Instructions to follow:
Only one stretch of the data below is wanted: the lines starting at the one with "core_compact X <-> pI_continuous X." and ending at the one with "have [f fB fx] := cov _ x Bx.", both included, given again exactly.

Dataset:
=== Begin Enclosure ===

(* Let $X$ be a topological space. Then $X$ is core-compact if and only if its symmetric pseudogroup $\mathscr{I}(X)$ is continuous.
   Context: The symmetric pseudogroup $\mathscr{I}(X)$ is the set of all homeomorphisms $f:U\to V$ between open subsets $U=\mathrm{dom}(f)$ and $V$ of $X$, with product: for $f:U\to V$ and $f_1:U_1\to V_1$, $f_1\cdot f : x\mapsto f_1(f(x))$ defined on $f^{-1}(V\cap U_1)$ with values in $f_1(V\cap U_1)$; it is an inverse semigroup with $f^*=f^{-1}$. Its intrinsic order is $f\leqslant g$ iff $f=g|_U$ for some open $U\subseteq\mathrm{dom}(g)$. In a poset, $x$ is way-below $y$ ($x\ll y$) if for every directed subset $D$ (nonempty, any two elements having an upper bound in $D$) that has a supremum with $y\leqslant\sup D$, there is $d\in D$ with $x\leqslant d$. A poset is continuous if for every $s$ the set $\{t: t\ll s\}$ is directed with supremum $s$; $\mathscr{I}(X)$ is continuous if it is so for its intrinsic order. $X$ is core-compact if the collection of closed subsets of $X$, ordered by reverse inclusion $\supseteq$, is a continuous poset. *)

From mathcomp Require Import all_boot all_order.
From mathcomp Require Import all_classical topology.
Set Implicit Arguments. Unset Strict Implicit. Unset Printing Implicit Defensive.
Local Open Scope classical_set_scope.

Section PosetNotions.
Variables (T : Type) (le : T -> T -> Prop).

Definition directed (D : set T) : Prop :=
  (exists d, D d) /\
  (forall a b, D a -> D b -> exists c, D c /\ le a c /\ le b c).

Definition is_sup (D : set T) (s : T) : Prop :=
  (forall d, D d -> le d s) /\ (forall u, (forall d, D d -> le d u) -> le s u).

Definition way_below (x y : T) : Prop :=
  forall D s, directed D -> is_sup D s -> le y s -> exists d, D d /\ le x d.

Definition continuous_poset : Prop :=
  forall s, directed (fun t => way_below t s) /\ is_sup (fun t => way_below t s) s.
End PosetNotions.

Section Pseudogroup.
Variable X : topologicalType.

Record closed_set := ClosedSet { cs_set :> set X; cs_closed : closed cs_set }.

Definition closed_le (A B : closed_set) : Prop := (B : set X) `<=` A.

Definition core_compact : Prop := continuous_poset closed_le.

(* ---------- the symmetric pseudogroup I(X) ----------
   A homeomorphism f : U -> V between open subsets U, V of X is encoded
   by its graph, as a partial map X -> option X with domain U. *)
Definition pdom (f : X -> option X) : set X := [set x | f x <> None].
Definition pran (f : X -> option X) : set X := [set y | exists x, f x = Some y].
Definition ppre (f : X -> option X) (W : set X) : set X :=
  [set x | exists y, f x = Some y /\ W y].
Definition pimg (f : X -> option X) (W : set X) : set X :=
  [set y | exists x, f x = Some y /\ W x].

(* f : dom f -> ran f is a homeomorphism between open subsets of X:
   domain and range are open, f is injective (hence bijective onto its
   range), f is continuous (preimages of open sets are open; since dom f
   is open this is continuity for the subspace topologies), and f^{-1} is
   continuous (images of open sets are open). *)
Definition is_phomeo (f : X -> option X) : Prop :=
  [/\ open (pdom f), open (pran f),
      (forall x1 x2 y, f x1 = Some y -> f x2 = Some y -> x1 = x2),
      (forall W, open W -> open (ppre f W)) &
      (forall W, open W -> open (pimg f W))].

Record pI := PI { pfun :> X -> option X; pfunP : is_phomeo pfun }.

Definition pI_le (f g : pI) : Prop :=
  exists U : set X, [/\ open U, U `<=` pdom g &
    forall x, (U x -> f x = g x) /\ (~ U x -> f x = None)].

Definition pI_continuous : Prop := continuous_poset pI_le.
End Pseudogroup.

(* Both sides reduce to pointwise approximation: every x outside a closed
   set B lies outside some A << B, resp. every x in the domain of s lies in
   the domain of some f << s.  These two conditions are exchanged through
   the open set X \ B = dom s: if A << B then s|_(X \ A) << s, and if
   f << s then X \ dom f << B.  Directed families are transported by the
   monotone maps f |-> X \ dom f and C |-> s|_(X \ C); suprema match because
   a supremum of closed sets is their intersection, while the domain of a
   supremum in I(X) lies in the union of the domains. *)
From mathcomp Require Import all_boot all_order.
From mathcomp Require Import all_classical topology.
Set Implicit Arguments. Unset Strict Implicit. Unset Printing Implicit Defensive.
Local Open Scope classical_set_scope.

Section WayBelow.
Variables (T : Type) (le : T -> T -> Prop).
Hypothesis le_refl : forall x, le x x.
Hypothesis le_trans : forall x y z, le x y -> le y z -> le x z.

Lemma way_below_le x y : way_below le x y -> le x y.
Proof.
move=> xy.
have dirD : directed le [set y] by split=> [|a b -> ->]; exists y.
have supD : is_sup le [set y] y by split=> [d ->|u /(_ y erefl)].
by have [d [-> //]] := xy _ _ dirD supD (le_refl y).
Qed.

Lemma way_below_least b y : (forall z, le b z) -> way_below le b y.
Proof. by move=> b_least D s [[d Dd] _] _ _; exists d. Qed.

Lemma way_below_join x1 x2 z y :
  way_below le x1 y -> way_below le x2 y ->
  (forall c, le x1 c -> le x2 c -> le z c) -> way_below le z y.
Proof.
move=> x1y x2y z_join D s dirD supD ys.
have [d1 [Dd1 x1d1]] := x1y D s dirD supD ys.
have [d2 [Dd2 x2d2]] := x2y D s dirD supD ys.
have [c [Dc [d1c d2c]]] := dirD.2 d1 d2 Dd1 Dd2.
exists c; split=> //.
by apply: z_join; [apply: le_trans x1d1 d1c | apply: le_trans x2d2 d2c].
Qed.

Lemma directed_image (T' : Type) (le' : T' -> T' -> Prop) (f : T -> T')
    (D : set T) :
  (forall a b, le a b -> le' (f a) (f b)) ->
  directed le D -> directed le' (f @` D).
Proof.
move=> f_homo [[d Dd] dirD]; split; first by exists (f d), d.
move=> _ _ [a Da <-] [b Db <-]; have [c [Dc [ac bc]]] := dirD a b Da Db.
by exists (f c); split; [exists c | split; apply: f_homo].
Qed.

End WayBelow.

Section ClosedSets.
Variable X : topologicalType.

Definition bigcap_closed (D : set (closed_set X)) : closed_set X :=
  ClosedSet (@closed_bigI _ _ D (@cs_set X) (fun A _ => @cs_closed X A)).

Lemma is_sup_bigcap D : is_sup (@closed_le X) D (bigcap_closed D).
Proof. by split=> [A DA z Dz|u ub z uz A DA]; [apply: Dz | apply: ub]. Qed.

Lemma is_sup_closedE D (S : closed_set X) :
  is_sup (@closed_le X) D S -> (S : set X) = \bigcap_(A in D) A.
Proof.
move=> [ubS leastS]; apply/seteqP; split=> [z Sz A DA|]; first exact: ubS.
exact: leastS (is_sup_bigcap D).1.
Qed.

Definition way_below_separates : Prop :=
  forall (B : closed_set X) x, ~ cs_set B x ->
  exists2 A, way_below (@closed_le X) A B & ~ cs_set A x.

Lemma core_compactP : core_compact X <-> way_below_separates.
Proof.
split=> [cc B x nBx | sep B].
  have : (~` \bigcap_(A in way_below (@closed_le X) ^~ B) cs_set A) x.
    by rewrite -(is_sup_closedE (cc B).2).
  by rewrite setC_bigcap => -[A AB nAx]; exists A.
split; first split.
- by exists (ClosedSet (@closedT X)); apply: way_below_least => A z.
- move=> A1 A2 A1B A2B.
  exists (ClosedSet (closedI (@cs_closed X A1) (@cs_closed X A2))).
  split; last by split=> z [].
  apply: way_below_join A1B A2B _ => [? ? ? AB BC|C A1C A2C z Cz].
    exact: subset_trans BC AB.
  by split; [apply: A1C | apply: A2C].
- split=> [A | u ub z uz].
    exact: (@way_below_le _ (@closed_le X) (fun C => @subset_refl X C)).
  apply: contrapT => nBz; have [A AB nAz] := sep B z nBz.
  exact: nAz (ub A AB z uz).
Qed.

End ClosedSets.

Section PartialHomeomorphisms.
Variable X : topologicalType.
Implicit Types (f g s t : pI X) (U : set X).

Lemma pdom_open f : open (pdom f).
Proof. by case: (pfunP f). Qed.

Lemma pI_leP f g : pI_le f g <-> forall x y, f x = Some y -> g x = Some y.
Proof.
split=> [[U [_ _ fgU]] x y fx | fg].
  by have [/(fgU x).1 <- //|/(fgU x).2 fxN] := pselect (U x); rewrite fxN in fx.
exists (pdom f); split; first exact: pdom_open.
  by rewrite /pdom => x /=; case fx: (f x) => [y|] // _; rewrite (fg _ _ fx).
move=> x; rewrite /pdom /=; case fx: (f x) => [y|]; last by split=> // [[]].
by split=> [_|nfx]; [rewrite (fg _ _ fx) | exfalso; exact: nfx].
Qed.

Lemma pI_le_refl f : pI_le f f.
Proof. exact/pI_leP. Qed.

Lemma pI_le_trans f g t : pI_le f g -> pI_le g t -> pI_le f t.
Proof. by move=> /pI_leP fg /pI_leP gt; apply/pI_leP => x y /fg /gt. Qed.

Lemma pI_le_pdom f g : pI_le f g -> pdom f `<=` pdom g.
Proof.
move/pI_leP=> fg x; rewrite /pdom /=.
by case fx: (f x) => [y|] // _; rewrite (fg _ _ fx).
Qed.

Lemma pI_le_agree f g t x y :
  pI_le f t -> pI_le g t -> f x = Some y -> pdom g x -> g x = Some y.
Proof.
move=> /pI_leP ft /pI_leP gt fx; rewrite /pdom /=; case gx: (g x) => [y'|] // _.
by have := ft _ _ fx; rewrite (gt _ _ gx).
Qed.

Definition restr_fun s U : X -> option X :=
  fun x => if `[< U x >] then s x else None.

Lemma restr_funE s U x y : restr_fun s U x = Some y <-> U x /\ s x = Some y.
Proof. by rewrite /restr_fun; case: (asboolP (U x)) => Ux; split=> // [[]]. Qed.

Lemma restr_fun_phomeo s U : open U -> is_phomeo (restr_fun s U).
Proof.
move=> oU; have [_ _ s_inj s_pre s_img] := pfunP s.
have pdomE : pdom (restr_fun s U) = U `&` pdom s.
  apply/seteqP; split=> x; rewrite /pdom /restr_fun /=;
    by case: (asboolP (U x)) => // Ux [].
have pimgE W : pimg (restr_fun s U) W = pimg s (U `&` W).
  apply/seteqP; split=> y /= [x].
    by move=> [/restr_funE [Ux sx] Wx]; exists x.
  by move=> [sx [Ux Wx]]; exists x; split=> //; apply/restr_funE.
have pranE : pran (restr_fun s U) = pimg s U.
  apply/seteqP; split=> y /= [x]; first by move/restr_funE=> [Ux sx]; exists x.
  by move=> [sx Ux]; exists x; apply/restr_funE.
have ppreE W : ppre (restr_fun s U) W = U `&` ppre s W.
  apply/seteqP; split=> x /=.
    by move=> [y [/restr_funE [Ux sx] Wy]]; split=> //; exists y.
  by move=> [Ux [y [sx Wy]]]; exists y; split=> //; apply/restr_funE.
split=> [||x1 x2 y /restr_funE [_ s1] /restr_funE [_ s2]|W oW|W oW].
- by rewrite pdomE; apply: openI => //; apply: pdom_open.
- by rewrite pranE; apply: s_img.
- exact: s_inj s1 s2.
- by rewrite ppreE; apply: openI => //; apply: s_pre.
- by rewrite pimgE; apply: s_img; apply: openI.
Qed.

Definition restr s U (oU : open U) : pI X := PI (restr_fun_phomeo s oU).

Lemma restrE s U (oU : open U) x y :
  restr s oU x = Some y <-> U x /\ s x = Some y.
Proof. exact: restr_funE. Qed.

Lemma pdom_restr s U (oU : open U) x :
  pdom (restr s oU) x <-> U x /\ pdom s x.
Proof.
by rewrite /pdom /= /restr_fun; case: (asboolP (U x)) => Ux; split=> // [[]].
Qed.

Lemma restr_le_restr s U V (oU : open U) (oV : open V) :
  U `<=` V -> pI_le (restr s oU) (restr s oV).
Proof. by move=> UV; apply/pI_leP => x y /restrE [/UV Vx sx]; apply/restrE. Qed.

Lemma pI_le_restr f s U (oU : open U) :
  pI_le f s -> pdom f `<=` U -> pI_le f (restr s oU).
Proof.
move=> /pI_leP fs fU; apply/pI_leP => x y fx.
apply/restrE; split; last exact: fs.
by apply: fU; rewrite /pdom /= fx.
Qed.

Lemma is_sup_pdom D t :
  is_sup (@pI_le X) D t -> pdom t `<=` \bigcup_(d in D) pdom d.
Proof.
move=> [ubt leastt]; have oU := bigcup_open (fun d (_ : D d) => pdom_open d).
have /pI_le_pdom tU : pI_le t (restr t oU).
  by apply: leastt => d Dd; apply: pI_le_restr (ubt d Dd) _ => x dx; exists d.
by move=> x /tU /pdom_restr [].
Qed.

Lemma id_phomeo : is_phomeo (@Some X).
Proof.
have ppreE W : ppre (@Some X) W = W.
  by apply/seteqP; split=> [x [_ [[<-]]] | x Wx] //; exists x.
have pimgE W : pimg (@Some X) W = W.
  by apply/seteqP; split=> [x [_ [[<-]]] | x Wx] //; exists x.
have pdomE : pdom (@Some X) = setT by apply/seteqP.
have pranE : pran (@Some X) = setT by apply/seteqP; split=> // x _; exists x.
split=> [||x1 x2 y [->] [->] //|W|W]; rewrite ?pdomE ?pranE ?ppreE ?pimgE //.
all: exact: openT.
Qed.

Definition pI_id : pI X := PI id_phomeo.

Definition way_below_covers : Prop :=
  forall s x, pdom s x -> exists2 f, way_below (@pI_le X) f s & pdom f x.

Lemma pI_continuousP : pI_continuous X <-> way_below_covers.
Proof.
split=> [ct s x sx | cov s].
  have [f wfs fx] := is_sup_pdom (ct s).2 sx; by exists f.
split; first split.
- exists (restr s open0); apply: way_below_least => f.
  by apply/pI_leP => x y /restrE [].
- move=> f1 f2 f1s f2s; have f1_le := way_below_le pI_le_refl f1s.
  have f2_le := way_below_le pI_le_refl f2s.
  have oU := openU (pdom_open f1) (pdom_open f2).
  have f1U : pI_le f1 (restr s oU) by apply: pI_le_restr => // x; left.
  have f2U : pI_le f2 (restr s oU) by apply: pI_le_restr => // x; right.
  exists (restr s oU); split=> //.
  apply: way_below_join f1s f2s _ => [|c f1c f2c]; first exact: pI_le_trans.
  apply/pI_leP => x y /restrE [[f1x | f2x] sx].
  + move/pI_leP: f1c; apply.
    exact: pI_le_agree (pI_le_refl s) f1_le sx f1x.
  + move/pI_leP: f2c; apply.
    exact: pI_le_agree (pI_le_refl s) f2_le sx f2x.
- split=> [f | u ub]; first exact: (way_below_le pI_le_refl).
  apply/pI_leP => x y sx.
  have [f fs fx] := cov s x (ltac:(by rewrite /pdom /= sx)).
  have fs_le := way_below_le pI_le_refl fs.
  move/pI_leP: (ub f fs); apply.
  exact: pI_le_agree (pI_le_refl s) fs_le sx fx.
Qed.

End PartialHomeomorphisms.

Section Transfer.
Variable X : topologicalType.
Implicit Types (f s : pI X) (C : closed_set X).

Definition dom_compl f : closed_set X := ClosedSet (open_closedC (pdom_open f)).

Definition restr_compl s C : pI X := restr s (closed_openC (@cs_closed X C)).

Lemma dom_compl_le f g : pI_le f g -> closed_le (dom_compl f) (dom_compl g).
Proof. by move=> /pI_le_pdom fg x ngx /fg. Qed.

Lemma restr_compl_le s C C' :
  closed_le C C' -> pI_le (restr_compl s C) (restr_compl s C').
Proof. by move=> CC'; apply: restr_le_restr => x nCx /CC'. Qed.

Lemma is_sup_restr_compl s D S :
  is_sup (@closed_le X) D S ->
  is_sup (@pI_le X) (restr_compl s @` D) (restr_compl s S).
Proof.
move=> supS; split=> [_ [C DC <-] | u ub].
  exact/restr_compl_le/(supS.1 C DC).
apply/pI_leP => x y /restrE [nSx sx].
have : (~` \bigcap_(C in D) cs_set C) x by rewrite -(is_sup_closedE supS).
rewrite setC_bigcap => -[C DC nCx].
have : (restr_compl s @` D) (restr_compl s C) by exists C.
by move=> /ub /pI_leP; apply; apply/restrE.
Qed.

Lemma way_below_dom_compl s A :
  way_below (@closed_le X) A (dom_compl s) ->
  way_below (@pI_le X) (restr_compl s A) s.
Proof.
move=> As D t dirD supt st.
have sD : closed_le (dom_compl s) (bigcap_closed (dom_compl @` D)).
  move=> x Dx sx; have [d Dd dx] := is_sup_pdom supt (pI_le_pdom st sx).
  have : (dom_compl @` D) (dom_compl d) by exists d.
  by move=> /Dx /(_ dx).
have [_ [[d Dd <-] Ad]] :=
  As _ _ (directed_image dom_compl_le dirD) (is_sup_bigcap _) sD.
exists d; split=> //; apply/pI_leP => x y /restrE [nAx sx].
apply: pI_le_agree st (supt.1 d Dd) sx _.
by apply: contrapT => ndx; apply/nAx/Ad.
Qed.

Lemma way_below_restr_compl s B f :
  way_below (@pI_le X) f (restr_compl s B) ->
  way_below (@closed_le X) (dom_compl f) B.
Proof.
move=> fsB D S dirD supS BS.
have [_ [[C DC <-] fsC]] := fsB _ _ (directed_image (@restr_compl_le s) dirD)
  (is_sup_restr_compl s supS) (restr_compl_le s BS).
by exists C; split=> // x Cx /(pI_le_pdom fsC) /pdom_restr [/(_ Cx)].
Qed.

End Transfer.

Theorem corollary5p10 (X : topologicalType) :
  core_compact X <-> pI_continuous X.
Proof.
rewrite core_compactP pI_continuousP; split=> [sep s x sx | cov B x nBx].
  have [A As nAx] := sep (dom_compl s) x (fun nsx => nsx sx).
  exists (restr_compl s A); first exact: way_below_dom_compl.
  exact/pdom_restr.
have Bx : pdom (restr_compl (pI_id X) B) x by apply/pdom_restr.
have [f fB fx] := cov _ x Bx.
by exists (dom_compl f); first exact: way_below_restr_compl fB.
Qed.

=== End Enclosure ===

Output of the task:
  core_compact X <-> pI_continuous X.
Proof.
rewrite core_compactP pI_continuousP; split=> [sep s x sx | cov B x nBx].
  have [A As nAx] := sep (dom_compl s) x (fun nsx => nsx sx).
  exists (restr_compl s A); first exact: way_below_dom_compl.
  exact/pdom_restr.
have Bx : pdom (restr_compl (pI_id X) B) x by apply/pdom_restr.
have [f fB fx] := cov _ x Bx.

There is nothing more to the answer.